CC'ing @Bobgy and @eterna2 since they were involved in the Slack discussion as well (I was unable to find Lida Li's Github username).

@lilida
Copy link
Contributor

lilida commented May 12, 2020

Thanks @sm-hawkfish

@joostgp
Copy link

joostgp commented May 12, 2020

Interesting topic. We were discussing internally whether YAML or decorated Python functions are a better way to provide a shared library of components.

We are running into a couple of challenges with YAML files:

  • We have some legacy containers where parameters are passed as environment variables. I don't think this is supported in the component YAML files.
  • We have several container registries, using decorated Python functions we can parameterize the container registry of the images
  • It is more natural for developers to create the Python functions. There is not enough added value in creating the YAML files.

On the other hand, as said by others, consuming the YAML file from a code repository is much easier that consuming them from e.g. a Python package in PyPI.

A feature that generates the YAML specifications from Python functions would potentially offer the flexibility of Python functions and the easy of consumption of text files. Also CI/CD would be very flexible. So definitely interested.

@Bobgy
Copy link
Contributor

Bobgy commented May 12, 2020

Thanks for summarizing all of these in an issue!

/cc @Ark-kun @numerology
Who have the best knowledge.

@Bobgy Bobgy added status/triaged Whether the issue has been explicitly triaged area/sdk/dsl/compiler kind/feature labels May 12, 2020
@Ark-kun Ark-kun self-assigned this May 13, 2020
@Ark-kun
Copy link
Contributor

Ark-kun commented May 13, 2020

Commenting on some of the statements for now.

By contrast, the YAML Component specification requires engineers to learn a new syntax and is generally more verbose than the Python equivalent

I think that the component.yaml is the minimal description of the component. Your example shows that it has less lines than the python version. It also supports more features than the legacy @component decorator.

(especially when it comes to writing custom type definitaions using the OpenAPI Schema)

Do you have any use for those OpenAPI schemas? Those schemas as well as kfp.dsl.types are mostly deprecated.

Why would you use input1: kfp.dsl.types.String() instead of just pythonic input1: str? This will result in more compact and more supported component.yaml.

Components vs. ContainerOp:
Component consists of interface (input and output specifications) and implementation (currently container and graph are supported).

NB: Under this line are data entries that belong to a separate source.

Lemma card_mor_values_decomposition (R : finRack) (S T : {set R})
    (hS : is_subrack (@fr_op R) [set x | x \in S])
    (hT : is_subrack (@fr_op R) [set x | x \in T]) :
  (S :&: T)%SET = finset.set0 -> (S :|: T)%SET = finset.setT ->
  #|mor_values R| = #|mor_values (subrack hS)| + #|mor_values (subrack hT)|.
Proof.
move=> I U; have eT := decomposition_setC I U; subst T.
exact: card_mor_values_subrack_complement.
Qed.

End MorphismsFromConnectedRacks.

Section BurnsideRing.
Local Open Scope ring_scope.
Variables (B : comPzRingType) (A : pzRingType).

Definition rmorphism_of_additive (f : {additive B -> A})
    (fM : GRing.monoid_morphism f) : {rmorphism B -> A} :=
  HB.pack_for {rmorphism B -> A} (f : B -> A)
    (GRing.isNmodMorphism.Build B A f (raddf0 f, raddfD f))
    (GRing.isMonoidMorphism.Build B A f fM).

Lemma burnside_rmorphism (b : finRack -> B) (a : finRack -> A) :
  is_burnside_ring b -> additive_invariant a ->
  (forall R R', a (prod_rack R R') = a R * a R') -> a unit_rack = 1 ->
  exists Phi : {rmorphism B -> A}, forall R, Phi (b R) = a R.
Proof.
move=> [_ univ uniq bM b1] ha aM a1; have [Phi PhiE] := univ _ _ ha.
have PhiM_b R y : Phi (b R * y) = Phi (b R) * Phi y.
  apply: (uniq _ (Phi \o GRing.mull_fun (b R) idfun) (GRing.mull_fun (Phi (b R)) Phi)).
  by move=> R' /=; rewrite -bM !PhiE aM.
have PhiM x y : Phi (x * y) = Phi x * Phi y.
  apply: (uniq _ (Phi \o GRing.mulr_fun y idfun) (GRing.mulr_fun (Phi y) Phi)).
  by move=> R /=; rewrite PhiM_b.
have Phi1 : Phi 1 = 1 by rewrite -b1 PhiE.
by exists (rmorphism_of_additive (Phi1, PhiM)).
Qed.

End BurnsideRing.
(* Every Generalized Median Mechanism $M:[0,1]^n\to[0,1]$ is DIC for every capacity $k$ with $1\le k\le n$.
   Context: There are $n$ agents $N=\{1,\dots,n\}$ with locations $x_i\in[0,1]$, profile $\boldsymbol{x}$. A mechanism is a deterministic function $M:[0,1]^n\to[0,1]$ giving the facility location from reported locations. The facility has capacity $k$. Given $\boldsymbol{x}$ and $s$, agent $i$ has higher priority than $j$ if $|s-x_i|<|s-x_j|$, ties broken by a fixed deterministic rule; $N_k^*(\boldsymbol{x},s)$ is the set of the $k$ highest-priority agents. Agent $i$'s ex-post equilibrium utility (of the subgame in which agents choose whether to travel to the capacity-$k$ facility, excess travellers rationed by priority) is $u_i^*(s,\boldsymbol{x},k)=1-|s-x_i|$ if $i\in N_k^*(\boldsymbol{x},s)$ and $0$ otherwise, computed at true locations. $M$ is DIC for capacity $k$ if for every $i$, every true profile $\boldsymbol{x}$, every $x_i'\in[0,1]$, and every reports $\hat{\boldsymbol{x}}_{-i}$ of the others, $u_i^*(M(x_i,\hat{\boldsymbol{x}}_{-i}),\boldsymbol{x},k)\ge u_i^*(M(x_i',\hat{\boldsymbol{x}}_{-i}),\boldsymbol{x},k)$. $M$ is a Generalized Median Mechanism if there are constants $a_S\in[0,1]$ for $S\subseteq N$ with $M(\boldsymbol{x})=\min_{S\subseteq N}\max\{\max_{i\in S}x_i,\,a_S\}$ for all $\boldsymbol{x}$ (for $S=\emptyset$ the inner term is $a_\emptyset$). *)

From HB Require Import structures.
From mathcomp Require Import all_boot all_order all_algebra.
From mathcomp Require Import reals.
Set Implicit Arguments. Unset Strict Implicit. Unset Printing Implicit Defensive.
Import Order.TTheory GRing.Theory Num.Theory.
Local Open Scope ring_scope.

Definition in_unit_cube (R : realType) (n : nat) (x : 'I_n -> R) : Prop :=
  forall i, 0 <= x i <= 1.

Definition upd (R : realType) (n : nat) (x : 'I_n -> R) (i : 'I_n) (v : R)
  : 'I_n -> R := fun j => if j == i then v else x j.

(* Priority at facility location s: j has higher priority than i.
   Ties in distance are broken by a fixed deterministic rule, given by an
   injective ranking rk (smaller rank wins). *)
Definition higher (R : realType) (n : nat) (rk : 'I_n -> nat)
  (x : 'I_n -> R) (s : R) (j i : 'I_n) : bool :=
  (`|s - x j| < `|s - x i|) || ((`|s - x j| == `|s - x i|) && (rk j < rk i)%N).

Definition topk (R : realType) (n : nat) (rk : 'I_n -> nat) (k : nat)
  (x : 'I_n -> R) (s : R) : {set 'I_n} :=
  [set i | (#|[set j | higher rk x s j i]| < k)%N].

Definition eq_utility (R : realType) (n : nat) (rk : 'I_n -> nat)
  (s : R) (x : 'I_n -> R) (k : nat) (i : 'I_n) : R :=
  if i \in topk rk k x s then 1 - `|s - x i| else 0.

Definition DIC (R : realType) (n : nat) (rk : 'I_n -> nat) (k : nat)
  (M : ('I_n -> R) -> R) : Prop :=
  forall (i : 'I_n) (x : 'I_n -> R) (xi' : R) (xhat : 'I_n -> R),
    in_unit_cube x -> 0 <= xi' <= 1 -> in_unit_cube xhat ->
    eq_utility rk (M (upd xhat i xi')) x k i
      <= eq_utility rk (M (upd xhat i (x i))) x k i.

(* The inner term is \big[max/a_S]_(i in S) x_i (= a_emptyset for S = set0);
   the outer min uses the neutral element 1, which is harmless since every
   term is <= 1 on [0,1]^n (in particular the S = set0 term a_set0 <= 1). *)
Definition GMM (R : realType) (n : nat) (M : ('I_n -> R) -> R) : Prop :=
  exists a : {set 'I_n} -> R,
    (forall S, 0 <= a S <= 1) /\
    forall x : 'I_n -> R, in_unit_cube x ->
      M x = \big[Order.min/1]_(S : {set 'I_n}) (\big[Order.max/a S]_(i in S) x i).

(* Fix the reports of everybody but agent i.  As a function of i's own report v,
   a generalized median mechanism is then a clamp v |-> min hi (max lo v):
   clamps of [0,1] contain the constants and the identity and are closed under
   pointwise max and min.  Hence the truthful outcome s = clamp (x i) lies
   between x i and the outcome s' of any misreport.  Moving the facility from s'
   to s brings it closer to x i and, by the triangle inequality, reduces
   |s - x j| - |s - x i| for every other agent j, so nobody overtakes i in
   priority and i's utility can only grow. *)
From HB Require Import structures.
From mathcomp Require Import all_boot all_order all_algebra.
From mathcomp Require Import reals.
From mathcomp Require Import lra.
Set Implicit Arguments. Unset Strict Implicit. Unset Printing Implicit Defensive.
Import Order.TTheory GRing.Theory Num.Theory.
Local Open Scope ring_scope.

Lemma big_ind_pointwise (I T V : Type) (K : (T -> V) -> Prop)
    (op : V -> V -> V) (c : V) (r : seq I) (P : pred I) (F : I -> T -> V) :
  (forall f g, f =1 g -> K f -> K g) -> K (fun=> c) ->
  (forall f g, K f -> K g -> K (fun t => op (f t) (g t))) ->
  (forall j, K (F j)) ->
  K (fun t => \big[op/c]_(j <- r | P j) F j t).
Proof.
move=> K_eq K_c K_op K_F; elim: r => [|j r IHr].
  by apply: K_eq K_c => t; rewrite big_nil.
case Pj: (P j).
  by apply: K_eq (K_op _ _ (K_F j) IHr) => t; rewrite big_cons Pj.
by apply: K_eq IHr => t; rewrite big_cons Pj.
Qed.

Section Clamp.
Variable R : realDomainType.

Definition between (a b c : R) : Prop := a <= b <= c \/ c <= b <= a.

Lemma dist_between (a b c : R) :
  between a b c -> `|c - a| = `|c - b| + `|b - a|.
Proof.
case=> /andP[ab bc].
  by have ac := le_trans ab bc; rewrite !ger0_norm ?subr_ge0 //; lra.
by have ca := le_trans ab bc; rewrite !ler0_norm ?subr_le0 //; lra.
Qed.

Lemma dist_le_between (a b c : R) : between a b c -> `|b - a| <= `|c - a|.
Proof. by move/dist_between->; rewrite lerDr. Qed.

Lemma dist_diff_between (a b c y : R) :
  between a b c -> `|c - y| - `|c - a| <= `|b - y| - `|b - a|.
Proof. by move/dist_between->; have := ler_distD b c y; lra. Qed.

Lemma unit_max (a b : R) : 0 <= a <= 1 -> 0 <= b <= 1 -> 0 <= Order.max a b <= 1.
Proof. by move=> ? ?; case: (leP a b). Qed.

Lemma unit_min (a b : R) : 0 <= a <= 1 -> 0 <= b <= 1 -> 0 <= Order.min a b <= 1.
Proof. by move=> ? ?; case: (leP a b). Qed.

Definition clamp (lo hi v : R) : R := Order.min hi (Order.max lo v).

Lemma clamp_between (lo hi t w : R) :
  between t (clamp lo hi t) (clamp lo hi w).
Proof.
rewrite /between /clamp.
case: (leP lo t) => ?; case: (leP lo w) => ?;
  case: (leP hi t) => ?; case: (leP hi w) => ?; case: (leP hi lo) => ?; lra.
Qed.

Lemma clamp_unit (lo hi v : R) :
  0 <= lo <= 1 -> 0 <= hi <= 1 -> 0 <= clamp lo hi v <= 1.
Proof. by rewrite /clamp le_min ge_min le_max; case: leP; lra. Qed.

Definition is_clamp (f : R -> R) : Prop :=
  exists lo hi, [/\ 0 <= lo <= 1, 0 <= hi <= 1 &
                    forall v, 0 <= v <= 1 -> f v = clamp lo hi v].

Lemma is_clamp_eq (f g : R -> R) : f =1 g -> is_clamp f -> is_clamp g.
Proof. by move=> fg [lo [hi [? ? fE]]]; exists lo, hi; split=> // v /fE <-. Qed.

Lemma is_clamp_const (c : R) : 0 <= c <= 1 -> is_clamp (fun=> c).
Proof. by exists c, c; split=> // v _; rewrite /clamp maxKx. Qed.

Lemma is_clamp_id : is_clamp id.
Proof.
exists 0, 1; split; rewrite ?lexx ?ler01 // => v /andP[v0 v1].
by rewrite /clamp (max_idPr v0) (min_idPr v1).
Qed.

Lemma is_clamp_max (f g : R -> R) :
  is_clamp f -> is_clamp g -> is_clamp (fun v => Order.max (f v) (g v)).
Proof.
move=> [lo1 [hi1 [lo1_01 hi1_01 fE]]] [lo2 [hi2 [lo2_01 hi2_01 gE]]].
pose lo := Order.max (Order.min hi1 lo1) (Order.min hi2 lo2).
pose hi := Order.max lo (Order.max hi1 hi2).
have lo01 : 0 <= lo <= 1 by apply: unit_max; apply: unit_min.
exists lo, hi; split=> // [|v v01]; first by apply: unit_max => //; apply: unit_max.
rewrite fE // gE // /clamp !(min_maxr hi1) !(min_maxr hi2).
by rewrite maxACA -min_maxl -max_minr.
Qed.

Lemma is_clamp_min (f g : R -> R) :
  is_clamp f -> is_clamp g -> is_clamp (fun v => Order.min (f v) (g v)).
Proof.
move=> [lo1 [hi1 [lo1_01 hi1_01 fE]]] [lo2 [hi2 [lo2_01 hi2_01 gE]]].
exists (Order.min lo1 lo2), (Order.min hi1 hi2).
split; [exact: unit_min | exact: unit_min | move=> v v01].
by rewrite fE // gE // /clamp minACA -max_minl.
Qed.

End Clamp.

Lemma in_unit_cube_upd (R : realType) (n : nat) (x : 'I_n -> R) i (v : R) :
  in_unit_cube x -> 0 <= v <= 1 -> in_unit_cube (upd x i v).
Proof. by move=> x01 v01 j; rewrite /upd; case: ifP. Qed.

Lemma gmm_upd_is_clamp (R : realType) (n : nat) (M : ('I_n -> R) -> R)
    (xhat : 'I_n -> R) (i : 'I_n) :
  GMM M -> in_unit_cube xhat -> is_clamp (fun v => M (upd xhat i v)).
Proof.
move=> [a [a01 ME]] xhat01.
have : is_clamp (fun v => \big[Order.min/1]_(S : {set 'I_n})
                            \big[Order.max/a S]_(j in S) upd xhat i v j).
  apply: big_ind_pointwise => [||f g|S]; [exact: is_clamp_eq| |exact: is_clamp_min|].
    by apply: is_clamp_const; rewrite ler01 lexx.
  apply: big_ind_pointwise => [||f g|j];
    [exact: is_clamp_eq|exact: is_clamp_const|exact: is_clamp_max|].
  rewrite /upd; case: eqP => _; [exact: is_clamp_id | exact: is_clamp_const].
case=> lo [hi [lo01 hi01 fE]]; exists lo, hi; split=> // v v01.
by rewrite ME; [exact: fE | exact: in_unit_cube_upd].
Qed.

Section Priority.
Variables (R : realType) (n : nat) (rk : 'I_n -> nat) (x : 'I_n -> R).
Variables (i : 'I_n) (s s' : R).
Hypothesis s_between : between (x i) s s'.

Lemma higher_between (j : 'I_n) : higher rk x s j i -> higher rk x s' j i.
Proof.
have := dist_diff_between (x j) s_between; rewrite /higher => shift.
case/orP=> [lt_ji | /andP[/eqP eq_ji ->]]; case: ltrP => //= le_ij.
- lra.
- by rewrite andbT; apply/eqP; lra.
Qed.

Lemma topk_between (k : nat) : i \in topk rk k x s' -> i \in topk rk k x s.
Proof.
rewrite !inE; apply: leq_ltn_trans; apply: subset_leq_card.
by apply/subsetP => j; rewrite !inE; exact: higher_between.
Qed.

Lemma eq_utility_between (k : nat) :
  0 <= s <= 1 -> 0 <= x i <= 1 -> eq_utility rk s' x k i <= eq_utility rk s x k i.
Proof.
move=> s01 xi01; rewrite /eq_utility.
case: ifP => [/topk_between -> | _].
  by have := dist_le_between s_between; lra.
by case: ifP => _; rewrite ?lexx // subr_ge0 ler_norml; lra.
Qed.

End Priority.

Theorem proposition3p8 (R : realType) (n : nat) (rk : 'I_n -> nat)
  (M : ('I_n -> R) -> R) :
  injective rk -> GMM M ->
  forall k : nat, (1 <= k <= n)%N -> DIC rk k M.
Proof.
move=> _ gmmM k _ i x v xhat x01 v01 xhat01.
have [lo [hi [lo01 hi01 /= ME]]] := gmm_upd_is_clamp i gmmM xhat01.
rewrite !ME //.
apply: eq_utility_between; [exact: clamp_between | exact: clamp_unit | exact: x01].
Qed.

ContainerOp objects are not really components. They are semi-resolved Task objects. They do not contain the whole information. Given ContainerOp produced by giving arguments to a component, you cannot restore the component back. The information is lost. For example, ContainerOp does not really have concept of inputs. When you pass arguments to dummy_op, they're injected directly in the command which cannot be restored back. The @component decorator was added as a hack to try to preserve some of that information, but it only preserves the input types. Other information is still lost. This is why we really discourage users from creating ContainerOp objects directly - it takes the same amount of effort to write component.yaml file which gives a real reusable component that can be shared between pipelines and users.

@Ark-kun
Copy link
Contributor

Ark-kun commented May 13, 2020

I think we already support the feature that you want. The structures in kfp.components.structures allows you to build your component specification using python. The code has about the same size as the ContainerOp instantiation while creating a real component. The specification can then be saved to component.yaml.

from kfp.components.structures import *

component_spec = ComponentSpec(
    name='Dummy op',
    description='Dummy component for illustrative purposes',
    inputs=[
        InputSpec(name='input1', type='String'),
        InputSpec(name='input2', type='GCSPath'),
    ],
    outputs=[
        OutputSpec(name='output1', type='GCSPath'),
    ],
    implementation=ContainerImplementation(container=ContainerSpec(
        image="dummy-image",
        command=[
            "python", "runner.py",
            "--input1", InputValuePlaceholder('input1'),
            "--input2", InputPathPlaceholder('input2'),
            "--output1", OutputPathPlaceholder('output1'),
        ],
    ))
)

component_spec.save('dummy.component.yaml')

What do you think?

@sm-hawkfish
Copy link
Author

sm-hawkfish commented May 13, 2020

Thank you for the quick and detailed reply @Ark-kun ! The code snippet you provided answers my initial question, although I now have a follow-up :)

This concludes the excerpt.